Vierte un puñado de avena, encima un chorro de leche fría descremada, un yogurt de moras y un multivitamínico. La vida en pijamas el día entero, sin salir, sin trabajar, sin ver, hablar o tocar a nadie, qué alivio, la vida sin esfuerzo, sin horario, sin nada ni nadie, sin ducharse, sin hacer la cama, sin cocinar, sin contestar llamadas, ni wassups ni correos. Hace días, no sabe cuántos, que no enciende su computador. No extraña a nadie ni nadie la extraña a ella.
 
Ama su vida tal como está. No tiene ganas de morir, no tiene ganas. No conoce el protocolo ni el maldito número de la línea directa del famoso coronavirus. No quiere saber tampoco. Elisa camina hacia el living y toma su café frente a la ventana, mirando el cielo de acero inoxidable. Luego fija la mirada en la pantalla de su celular para saber qué día es, ha perdido la cuenta pero sabe por las noticias que se ha iniciado el invierno. Un invierno raro, largo, con olor a encierro y desinfectante, silencioso, solitario. Afuera, el enemigo. El terremoto que ya viene, seguro que durante el toque de queda, sin aviso como todos los terremotos. Pero ella lo puede oler, como los perros.
 
El virus, el bicho, el que nos cambió la vida para siempre, quédese en casa, no sea porfiado, cuídese por usted y por otros. Aún no llegamos al peak, el sistema de salud está colapsado, o sea nosotros, agotados, secos, nos esperan días difíciles. La pandemia, la pandemia, la pandemia. Elisa odia a ese ministro, cerdo arrogante.
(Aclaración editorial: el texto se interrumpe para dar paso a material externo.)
Lemma eq_sweedler x (V : lmodType C) (F G : Mn -> Mn -> V) :
  x \in M -> bilinear F -> bilinear G -> {in M &, F =2 G} ->
  sweedler F x = sweedler G x.
Proof. by move/in_tens_Delta; apply: eq_mxtens_lift_in. Qed.

Lemma Delta_idE X : Delta_id Delta X = mxtens_lift (fun a b => Delta a *t b) X.
Proof. by []. Qed.
Lemma id_DeltaE X : id_Delta Delta X
  = castmx (mulnA n n n, mulnA n n n) (mxtens_lift (fun a b => a *t Delta b) X).
Proof. by []. Qed.
Lemma tmapE (f g : Mn -> Mn) X : tmap f g X = mxtens_lift (fun a b => f a *t g b) X.
Proof. by []. Qed.
Lemma tflipE X : tflip X = mxtens_lift (fun a b => b *t a) X.
Proof. by []. Qed.
Lemma slice_rE (phi : Mn -> C) X :
  slice_r phi X = mxtens_lift (fun a b => phi b *: a) X.
Proof. by []. Qed.
Lemma tmulE X : tmul X = mxtens_lift (fun a b => a *m b) X.
Proof. by []. Qed.

Lemma sweedler_coassoc x (V : lmodType C) (Phi : Mn -> Mn -> Mn -> V) :
  x \in M -> trilinear Phi ->
  sweedler (fun u w => sweedler (fun u1 u2 => Phi u1 u2 w) u) x
  = sweedler (fun u w => sweedler (fun w1 w2 => Phi u w1 w2) w) x.
Proof.
move=> xM linPhi; have [_ _ lin3] := linPhi.
transitivity (mxtens_lift3 Phi (Delta_id Delta (Delta x))).
  rewrite Delta_idE (linear_mxtens_lift (h := mxtens_lift3 Phi)); last exact: linearP.
  by apply: eq_mxtens_lift => a b; rewrite mxtens_lift3_tens.
rewrite (wk_coassoc WK xM) id_DeltaE.
rewrite (linear_mxtens_lift (h := fun Y : 'M_(n * (n * n)) =>
  mxtens_lift3 Phi (castmx (mulnA n n n, mulnA n n n) Y))); last first.
  by move=> c Y Z; rewrite castmxP /mxtens_lift3 linearP.
by apply: eq_mxtens_lift => a b; rewrite mxtens_lift3_cast_tens.
Qed.

Lemma tmap_tens (f g : Mn -> Mn) a b : linear f -> linear g ->
  tmap f g (a *t b) = f a *t g b.
Proof.
move=> f_lin g_lin; rewrite tmapE mxtens_lift_tens //.
by split=> [?|?] ? ? ?; rewrite ?f_lin ?g_lin ?tensmxPl ?tensmxPr.
Qed.

Lemma tflip_tens a b : tflip (a *t b) = b *t a.
Proof. by rewrite tflipE mxtens_lift_tens //; bilinear_tac. Qed.

Lemma tmul_tens a b : tmul (a *t b) = a *m b.
Proof. by rewrite tmulE mxtens_lift_tens //; bilinear_tac. Qed.

Lemma tflipK X : tflip (tflip X) = X.
Proof.
rewrite [tflip X]tflipE tflipE.
rewrite (linear_mxtens_lift (h := mxtens_lift (fun a b : Mn => b *t a))); last first.
  exact: linearP.
rewrite -[RHS]mxtens_lift_id; apply: eq_mxtens_lift => a b.
by rewrite -tflipE tflip_tens.
Qed.

Lemma flipSS_tens a b : flipSS (a *t b) = S b *t S a.
Proof. by rewrite mxtens_lift_tens //; bilinear_tac. Qed.

Lemma Delta_S w : w \in M -> Delta (S w) = flipSS (Delta w).
Proof.
move=> wM; rewrite -[Delta (S w)]tflipK -(wk_S_Delta WK wM) tmapE tflipE.
rewrite (linear_mxtens_lift (h := mxtens_lift (fun a b : Mn => b *t a))); last first.
  exact: linearP.
by apply: eq_mxtens_lift => a b; rewrite -tflipE tflip_tens.
Qed.

Lemma flipSS_e : flipSS e = e.
Proof. by rewrite -Delta_S ?mem1 // (wk_S_unit WK). Qed.

Lemma flipSS_mul X Y : in_tens M X -> in_tens M Y ->
  flipSS (X *m Y) = flipSS Y *m flipSS X.
Proof.
move=> MX MY; apply: (eq_linear_in_tens (f := fun X => flipSS (X *m Y))
  (g := fun X => flipSS Y *m flipSS X)) MX => [c A B|c A B|a b aM bM].
- by rewrite mulmxPl linearP.
- by rewrite linearP mulmxPr.
apply: (eq_linear_in_tens (f := fun Y => flipSS ((a *t b) *m Y))
  (g := fun Y => flipSS Y *m flipSS (a *t b))) MY => [c A B|c A B|c d cM dM].
- by rewrite mulmxPr linearP.
- by rewrite linearP mulmxPl.
rewrite (tensmx_mul a b c d) !flipSS_tens.
by rewrite (tensmx_mul (S d) (S c)) !(wk_S_mul WK).
Qed.

Lemma eps_tE x : et x = sweedler (fun a b => a *m S b) x.
Proof.
rewrite /eps_t tmulE tmapE linear_mxtens_lift; last exact: linearP.
by apply: eq_mxtens_lift => a b; rewrite -tmul_tens.
Qed.

Lemma eps_sE x : es x = sweedler (fun a b => S a *m b) x.
Proof.
rewrite /eps_s tmulE tmapE linear_mxtens_lift; last exact: linearP.
by apply: eq_mxtens_lift => a b; rewrite -tmul_tens.
Qed.

Lemma eps_t_is_linear : linear et.
Proof. by move=> c u v; rewrite !eps_tE !linearP. Qed.
(* Let $X$ be a finite connected simplicial complex and $\delta$ a cellular perversity. (1) The left quadratic dual of the quadratic algebra $A(X,\delta)$ is isomorphic to $B(X,-\delta)$. (2) The left quadratic dual of $B(X,\delta)$ is isomorphic to $A(X,-\delta)$.
   Context: Simplices are open; $\Delta\leftrightarrow\Delta'$ means one is a face of the other. Cellular perversity: $\delta:\mathbb Z_{\ge0}\to\mathbb Z$, $\delta(0)=0$, bijective from each $\{0,\dots,k\}$ onto an interval $\{a,\dots,a+k\}$, $a\le0$ (then $-\delta$ is also one); $\delta(\Delta)=\delta(\dim\Delta)$. For a cellular perversity $\varepsilon$, the quiver $Q(X,\varepsilon)$ has vertices the simplices and an arrow $\Delta\to\Delta'$ whenever $\Delta\leftrightarrow\Delta'$ and $\varepsilon(\Delta)=\varepsilon(\Delta')+1$ (so $Q(X,-\delta)$ is $Q(X,\delta)$ with arrows reversed). In the path algebra over a field $\mathbb F$ (char $0$), products $xy$ mean path $y$ followed by $x$. $A(X,\varepsilon)$ is the quotient by the relations $\sum_{\Delta:\varepsilon(\Delta)=k,\ \Delta'\leftrightarrow\Delta\leftrightarrow\Delta''}a(\Delta,\Delta'')a(\Delta',\Delta)=0$ for all $\Delta',\Delta''$ with $\varepsilon(\Delta')=k+1$, $\varepsilon(\Delta'')=k-1$; $B(X,\varepsilon)$ is the quotient by $b(\Delta_1,\Delta'')b(\Delta',\Delta_1)=b(\Delta_2,\Delta'')b(\Delta',\Delta_2)$ whenever $\varepsilon(\Delta')=k+1$, $\varepsilon(\Delta_j)=k$, $\varepsilon(\Delta'')=k-1$, $\Delta'\leftrightarrow\Delta_j\leftrightarrow\Delta''$. Both are quadratic algebras over the semisimple algebra $k=\bigoplus_\Delta\mathbb F e(\Delta)$; the left quadratic dual of $T_k(V)/(R)$, $R\subseteq V\otimes_kV$, is $T_k(V^* )/(R^\perp)$ (in the sense of Beilinson–Ginzburg–Soergel). *)

From HB Require Import structures.
From mathcomp Require Import all_boot all_order all_algebra.
Set Implicit Arguments. Unset Strict Implicit. Unset Printing Implicit Defensive.
Import Order.TTheory GRing.Theory Num.Theory.
Local Open Scope ring_scope.

(* Quadratic algebras over k = (+)_{s : S} F e(s), presented by a quiver
   with at most one arrow between two vertices (arrow relation [arr]) and
   a set of quadratic relations.  Everything is graded: the degree-n part
   of the path algebra T_k(V) is the space of functions on the paths with
   n arrows; a path is recorded as the sequence of its n+1 vertices in
   traversal order. *)
Section Quadratic.
Variables (F : fieldType) (S : finType).

Local Notation word n := {ffun 'I_n.+1 -> S}.
Local Notation deg n := {ffun word n -> F}.

Definition is_path (arr : rel S) (n : nat) (w : word n) : bool :=
  [forall i : 'I_n, arr (w (inord i)) (w (inord i.+1))].

Definition in_T (arr : rel S) (n : nat) (x : deg n) : Prop :=
  forall w : word n, ~~ is_path arr w -> x w = 0.

Definition subword (n : nat) (w : word n) (i m : nat) : word m :=
  [ffun k : 'I_m.+1 => w (inord (i + k))].

(* product x y in the path algebra: "path y followed by path x" *)
Definition qmul (m n : nat) (x : deg m) (y : deg n) : deg (m + n) :=
  [ffun w : word (m + n) => x (subword w n m) * y (subword w 0 n)].

Definition rev_word (n : nat) (w : word n) : word n :=
  [ffun k : 'I_n.+1 => w (rev_ord k)].

(* quadratic data: quiver + generating set of the relation space R ⊆ V⊗_k V *)
Record qalg := QAlg { qarr : rel S; qrel : deg 2 -> Prop }.

(* generators u r v (v, then r, then u) of the degree-N part of the
   two-sided ideal (R) *)
Definition ideal_gen (Q : qalg) (N : nat) (x : deg N) : Prop :=
  exists (i j : nat) (u : deg i) (r : deg 2) (v : deg j),
    [/\ (j + 2 + i)%N = N, in_T (qarr Q) u, in_T (qarr Q) v, qrel Q r &
        forall w : word N,
          x w = u (subword w (j + 2) i) * r (subword w j 2) * v (subword w 0 j)].

Definition in_ideal (Q : qalg) (N : nat) (x : deg N) : Prop :=
  exists s : seq (deg N),
    (forall g, g \in s -> ideal_gen Q g) /\ x = \sum_(g <- s) g.

(* left quadratic dual T_k(V^* )/(R^perp): V^* has the reversed arrows, and
   a 2-path of the reversed quiver pairs with the reversed 2-path of Q *)
Definition qdual (Q : qalg) : qalg :=
  QAlg (fun a b => qarr Q b a)
       (fun y => in_T (fun a b => qarr Q b a) y /\
                 forall r, qrel Q r -> \sum_(w : word 2) y (rev_word w) * r w = 0).

(* isomorphism of graded k-algebras T_k(V1)/(R1) ~= T_k(V2)/(R2),
   restricting to the identity on k (degree 0), given by linear maps
   f n on the degree-n parts of the path algebras inducing bijections of
   the degree-n quotients and compatible with products *)
Definition qiso (Q1 Q2 : qalg) : Prop :=
  exists f : forall n, deg n -> deg n,
  [/\ (forall n (a : F) (x y : deg n), f n [ffun w => a * x w + y w] = [ffun w => a * f n x w + f n y w]),
      (forall x : deg 0, f 0%N x = x),
      (forall n (x : deg n), in_T (qarr Q1) x -> in_T (qarr Q2) (f n x)),
      (forall n (x : deg n), in_T (qarr Q1) x ->
        (in_ideal Q1 x <-> in_ideal Q2 (f n x))) &
      (forall n (y : deg n), in_T (qarr Q2) y ->
        exists2 x, in_T (qarr Q1) x & in_ideal Q2 (f n x - y)) /\
      (forall m n (x : deg m) (y : deg n), in_T (qarr Q1) x -> in_T (qarr Q1) y ->
        in_ideal Q2 (f (m + n)%N (qmul x y) - qmul (f m x) (f n y)))].

End Quadratic.

Notation word S n := {ffun 'I_n.+1 -> S}.
Notation deg F S n := {ffun word S n -> F}.

Section Complex.
Variable V : finType.

Definition simplicial_complex (X : {set {set V}}) : Prop :=
  set0 \notin X /\
  forall s t : {set V}, s \in X -> t \subset s -> t != set0 -> t \in X.

Definition connected_complex (X : {set {set V}}) : Prop :=
  forall u v : V, [set u] \in X -> [set v] \in X ->
    connect [rel a b | [set a; b] \in X] u v.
Odia la mascarilla, al huevón que pasa por su calle con su bicicleta rasca y su delivery atrasado.
 
Odia a la vocera con cara de pico, odia a las curvas que hay que aplanar, las mesetas y a las cuarentenas que valen callampa, odia a la pandemia la puta que la parió. Cuánto vale el show, cuánto vale. Está harta de los contagiados, los fallecidos, los asintomáticos, los recuperados, lo que mueren en las ambulancias, en los pasillos, en las residencias sanitarias o en sus casas sin hacer ruido. Los viejos de mierda que sobran, inútiles, que ocupan camas, los que tienen que esperar para ser atendidos o enterrados, los que no cuentan, los carretes picantes pasada la medianoche.
 
Olor a cadáver podrido, a basura descompuesta, ropa mojada, la mujer que huele a pobre sin mascarilla pero tan agradecida, tan agradecida por la caja de mercadería que le entregan. Vendrán días difíciles, dice el mismo cerdo, pero saldremos fortalecidos, el bicho será mejor persona y nosotros también. Elisa deja la taza vacía sobre la mesa de centro del living y camina hacia su dormitorio.
 
Se saca la bata, también las pantuflas y se mete a la cama. La habitación está tibia, la vida es buena. Apaga la estufa, suspira profundo, con la mirada fija en el televisor apagado. En el primer día de invierno.